21 march 2017
The previous two ministers, 46 employees and many contractor companies have been found to be responsible for the losses at the Ministry of Mines and Petroleum
The Ministry of Mines and Petroleum is the governmental body responsible for the extractives and natural resource industry of Afghanistan. This ministry is tasked with ensuring that as much income is generated from this significant sector as possible, to support the national budget. However, due to rampant bad management within the leadership of the ministry, even the debt owed by mines contractors goes uncollected.
A survey of Afghanistan by the United States Geological Survey revealed that the country’s rich mineral deposits of oil, gasoline, gemstones, copper, iron, gold, should fetch an estimate of more than 1 trillion USD revenue in total from only the copper, gold, iron and lithium deposits – a substantial income for Afghanistan.
However, PAYK Investigative Journalism Center has found that the Ministry collected and deposited in the state treasury less than 7% of the debt owed by mines contractors.
- More than 90% of debt owed from individuals, businesses and contractors over the past three years has not been collected till now.
- Out of the more than 58 million USD total debt, only about 7.3 million USD is recoverable, and the rest is considered bad debt.
- Misuse of funds for personal needs by former ministers, overpayment in salaries to certain employees, non-collection of revenue, land rent and fines from contractors, and the failure of the contractor for Amu Darya Basin project to produce the quota of hydrocarbons, has all caused the huge loss to the treasury of the Afghan government in the past three years;
The Debtors of the Ministry of Mines and Petroleum
The findings of this report show that the former Ministers of Mines and Petroleum, a number of employees and some companies and mining contractors have not paid their debts of several years into the treasury of government yet.
Some hundred of cases of debtors were listed in a Supreme Audit Office report of 1393 obtained by PAYK.
|“If the contractor fails to pay the required amount of money according to the law or provisions of this contract, including the price of hydrocarbon in the time specified by the Ministry of Mines and Petroleum; The Ministry has the right to terminate its contract.” – Article 25, first clause of contract
The largest of these losses is of more than 45 million USD due in royalties from the Amu Darya Basin’s hydrocarbon production project. The contracting companies on the project – CNP and CIW – have failed to produce the estimated 3.9 million barrels of hydrocarbon within the first three years, as indicated in the contract.

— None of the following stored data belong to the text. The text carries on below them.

(* The weight of x^a y^b z^c is 6a + 8b + 10c, and rho sends this monomial to
   t^weight (1 + t^25)^a.  Hence rho(h1) = -3 (t^43 + t^68), rho(h2) = 3 (t^30 + t^55)
   and rho(h3) = 3 (t^32 + t^57) vanish in characteristic 3, while the leading
   monomials of h1, h2, h3 are yz, z^3, y^4.
   Conversely let f in P have leading monomial x^a y^b z^c of weight w, with b <= 3,
   c <= 2 and bc = 0.  The other monomials of f have degree at least a + b + c, hence
   weight greater than w - 25; as weights are even and w + 25 is odd, the coefficients
   of t^w and t^(w+25) in rho(f) only see the monomials m of weight exactly w, and give
   sum f_m = 0 and sum a_m f_m = 0 over them, a_m being the exponent of x in m.  There
   are at most three such monomials below x^a y^b z^c, and these two equations force
   its coefficient to vanish (for x^a y^3 and x^a z^2 because 3 = 0 and 2 <> 0). *)

From mathcomp Require Import all_boot all_order all_algebra zify ring.
Set Implicit Arguments. Unset Strict Implicit. Unset Printing Implicit Defensive.
Import GRing.Theory.
Local Open Scope ring_scope.

Lemma eq_big_supp (T : eqType) (R : nmodType) (s1 s2 : seq T) (F : T -> R) :
  uniq s1 -> uniq s2 -> (forall x, F x != 0 -> (x \in s1) = (x \in s2)) ->
  \sum_(x <- s1) F x = \sum_(x <- s2) F x.
Proof.
move=> uniq1 uniq2 supp12.
have suppE s : \sum_(x <- s) F x = \sum_(x <- [seq x <- s | F x != 0]) F x.
  by rewrite big_filter (@big_rmcond _ _ +%R _ s (fun x => F x != 0) F) // => x /negPn/eqP.
rewrite [LHS]suppE [RHS]suppE; apply/perm_big/uniq_perm; rewrite ?filter_uniq // => x.
by rewrite !mem_filter; case: (F x =P 0) => //= /eqP /supp12.
Qed.

Definition mle (m b : mon) : bool :=
  [&& (e1 m <= e1 b)%N, (e2 m <= e2 b)%N & (e3 m <= e3 b)%N].

Definition box (b : mon) : seq mon :=
  [seq (ij, l) | ij <- [seq (i, j) | i <- iota 0 (e1 b).+1, j <- iota 0 (e2 b).+1],
                 l <- iota 0 (e3 b).+1].

Lemma box_uniq b : uniq (box b).
Proof.
by rewrite allpairs_uniq ?allpairs_uniq ?iota_uniq // => -[? ?] [? ?] _ _ [-> ->].
Qed.

Lemma mem_box m b : (m \in box b) = mle m b.
Proof.
apply/idP/idP.
  case/allpairsP => -[[i j] l] [/allpairsP[[i' j'] [i_in j_in [-> ->]]] l_in ->].
  by rewrite !mem_iota /mle /e1 /e2 /e3 /= in i_in j_in l_in *; lia.
case: m => [[i j] l] /and3P[hi hj hl].
apply: allpairs_f; last by rewrite mem_iota ltnS.
by apply: allpairs_f; rewrite mem_iota ltnS.
Qed.

Lemma big_box (R : nmodType) (F : mon -> R) b :
  \sum_(i < (e1 b).+1) \sum_(j < (e2 b).+1) \sum_(l < (e3 b).+1) F (i : nat, j : nat, l : nat)
  = \sum_(m <- box b) F m.
Proof.
have iotaE n (G : nat -> R) : \sum_(i <- iota 0 n) G i = \sum_(i < n) G i.
  by rewrite -(big_mkord xpredT) /index_iota subn0.
rewrite !big_allpairs_dep iotaE; apply: eq_bigr => i _.
by rewrite iotaE; apply: eq_bigr => j _; rewrite iotaE.
Qed.

Section Rho.
Variable K : fieldType.

Definition weight (m : mon) : nat := 6 * e1 m + 8 * e2 m + 10 * e3 m.

Definition rho_mono (m : mon) : {poly K} :=
  ('X^6 + 'X^31) ^+ e1 m * 'X^(8 * e2 m + 10 * e3 m).

Lemma upow_rho_x a i : upow (rho_x K) a i = (('X^6 + 'X^31) ^+ a)`_i.
Proof.
elim: a i => [|a IH] i; first by rewrite expr0 coef1 /upow /utpow /= eq_sym.
rewrite exprS coefM /upow iterS /umul -/(upow _ a).
by apply: eq_bigr => j _; rewrite IH coefD !coefXn.
Qed.

Lemma rho_mono_sum m :
  rho_mono m = \sum_(i < (e1 m).+1) 'X^(weight m + 25 * i) *+ 'C(e1 m, i).
Proof.
rewrite /rho_mono exprDn big_distrl /=; apply: eq_bigr => i _.
rewrite mulrnAl -!exprM -!exprD; congr ('X^_ *+ _).
have := ltn_ord i; rewrite /weight; lia.
Qed.

Lemma coef_rho_mono m n :
  (rho_mono m)`_n = \sum_(i < (e1 m).+1) (n == weight m + 25 * i)%N%:R *+ 'C(e1 m, i).
Proof. by rewrite rho_mono_sum coef_sum; apply: eq_bigr => i _; rewrite coefMn coefXn. Qed.

Lemma coef_rho_mono_lt m n : (n < weight m)%N -> (rho_mono m)`_n = 0.
Proof.
move=> lt_n_wt; rewrite coef_rho_mono big1 // => i _.
by rewrite (_ : (n == _) = false) ?mul0rn //; apply/eqP; lia.
Qed.

Lemma coef_rho_mono_window m n : (n < weight m + 50)%N ->
  (rho_mono m)`_n = (n == weight m)%N%:R + (n == weight m + 25)%N%:R *+ e1 m.
Proof.
move=> lt_n_wt; rewrite coef_rho_mono big_ord_recl bin0 muln0 addn0.
congr (_ + _); case: (e1 m) => [|a]; first by rewrite big_ord0.
rewrite big_ord_recl bin1 big1 ?addr0 // => i _.
by rewrite !lift0 (_ : (n == _) = false) ?mul0rn //; apply/eqP; lia.
Qed.
(* Let $G$ be a connected graph with root $x_0$, let $\lambda,k\ge1$ and $N\in\mathbb N$. Then taking the $(N,1)$-skeleton of the skeleton $G_{\lambda,k}$ (rooted at the block of $x_0$) yields the skeleton $G_{N\lambda,k}$ of $G$: that is, $G_{(\lambda,k)_{(N,1)}}=G_{N\lambda,k}$, in the sense that two vertices $x,y$ of $G$ are sent to the same vertex by the natural map $G\to G_{N\lambda,k}$ iff they are sent to the same vertex by the composite natural map $G\to G_{\lambda,k}\to G_{(\lambda,k)_{(N,1)}}$, and the edges correspond accordingly.
   Context: $d$ is the graph metric. A set $X$ of vertices is $k$-connected if any two of its points are joined by a finite sequence in $X$ with consecutive distances $\le k$. Skeleton $G_{\lambda,k}$ of a connected graph $G$ (root $x_0\in V(G)$, scale $\lambda\ge1$, connectivity $k\ge1$): layers $A_{N,\lambda}=\{x: N\lambda<d(x,x_0)\le(N+1)\lambda\}$, $N\in\mathbb Z$; blocks are the maximal $k$-connected subsets of layers (distances in $G$); $G_{\lambda,k}$ has a vertex per block and an edge between two blocks iff an edge of $G$ joins a vertex of one to a vertex of the other. The natural map sends each vertex to its block. $G_{(\lambda,k)_{(\lambda',k')}}$ denotes the $(\lambda',k')$-skeleton of the graph $G_{\lambda,k}$ (with its own graph metric), rooted at the block containing $x_0$. *)

From Stdlib Require Import Reals ZArith.
Open Scope R_scope.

Some officials of the Supreme Audit Office (SAO) who responded to enquiries from PAYK, said more than 7.9 million USD worth of liabilities have not been recovered, and therefore the contracts of the affected companies under the Amu Darya Basin hydrocarbon project should be terminated accordingly.
However, after more than three years of failure on the part of the local and Chinese companies CNP and CIW to fulfill the terms of contract, the Ministry of Mines and Petroleum reported their suspension three months ago, but made no comments about the termination of the contracts or the recovery of debts.
PAYK’s efforts to get the reactions from these companies were unsuccessful. For example, the contact details provided on the website CIW, were found to be wrong. However, some other companies when contacted disputed or denied these assertions. Companies such as Afghan Coal, Afghan Cement – some of the biggest debtors to the Ministry of Mines and Petroleum claim that they do not owe any money.
Islamuddin Ahmadi, the Finance and Admin director of Afghan Cement Company, backed by documents provided to PAYK maintained, that in accordance with the decision of the primary business court of Kabul, they are not supposed to pay any rent for the use of land which is unrelated to their core work, and called on the Ministry to review the contract. Nonetheless, SAO maintained in a written submission to PAYK, that more than 3.9 million USD from the rent of the land is recoverable from Afghan Coal and Afghan Cement companies.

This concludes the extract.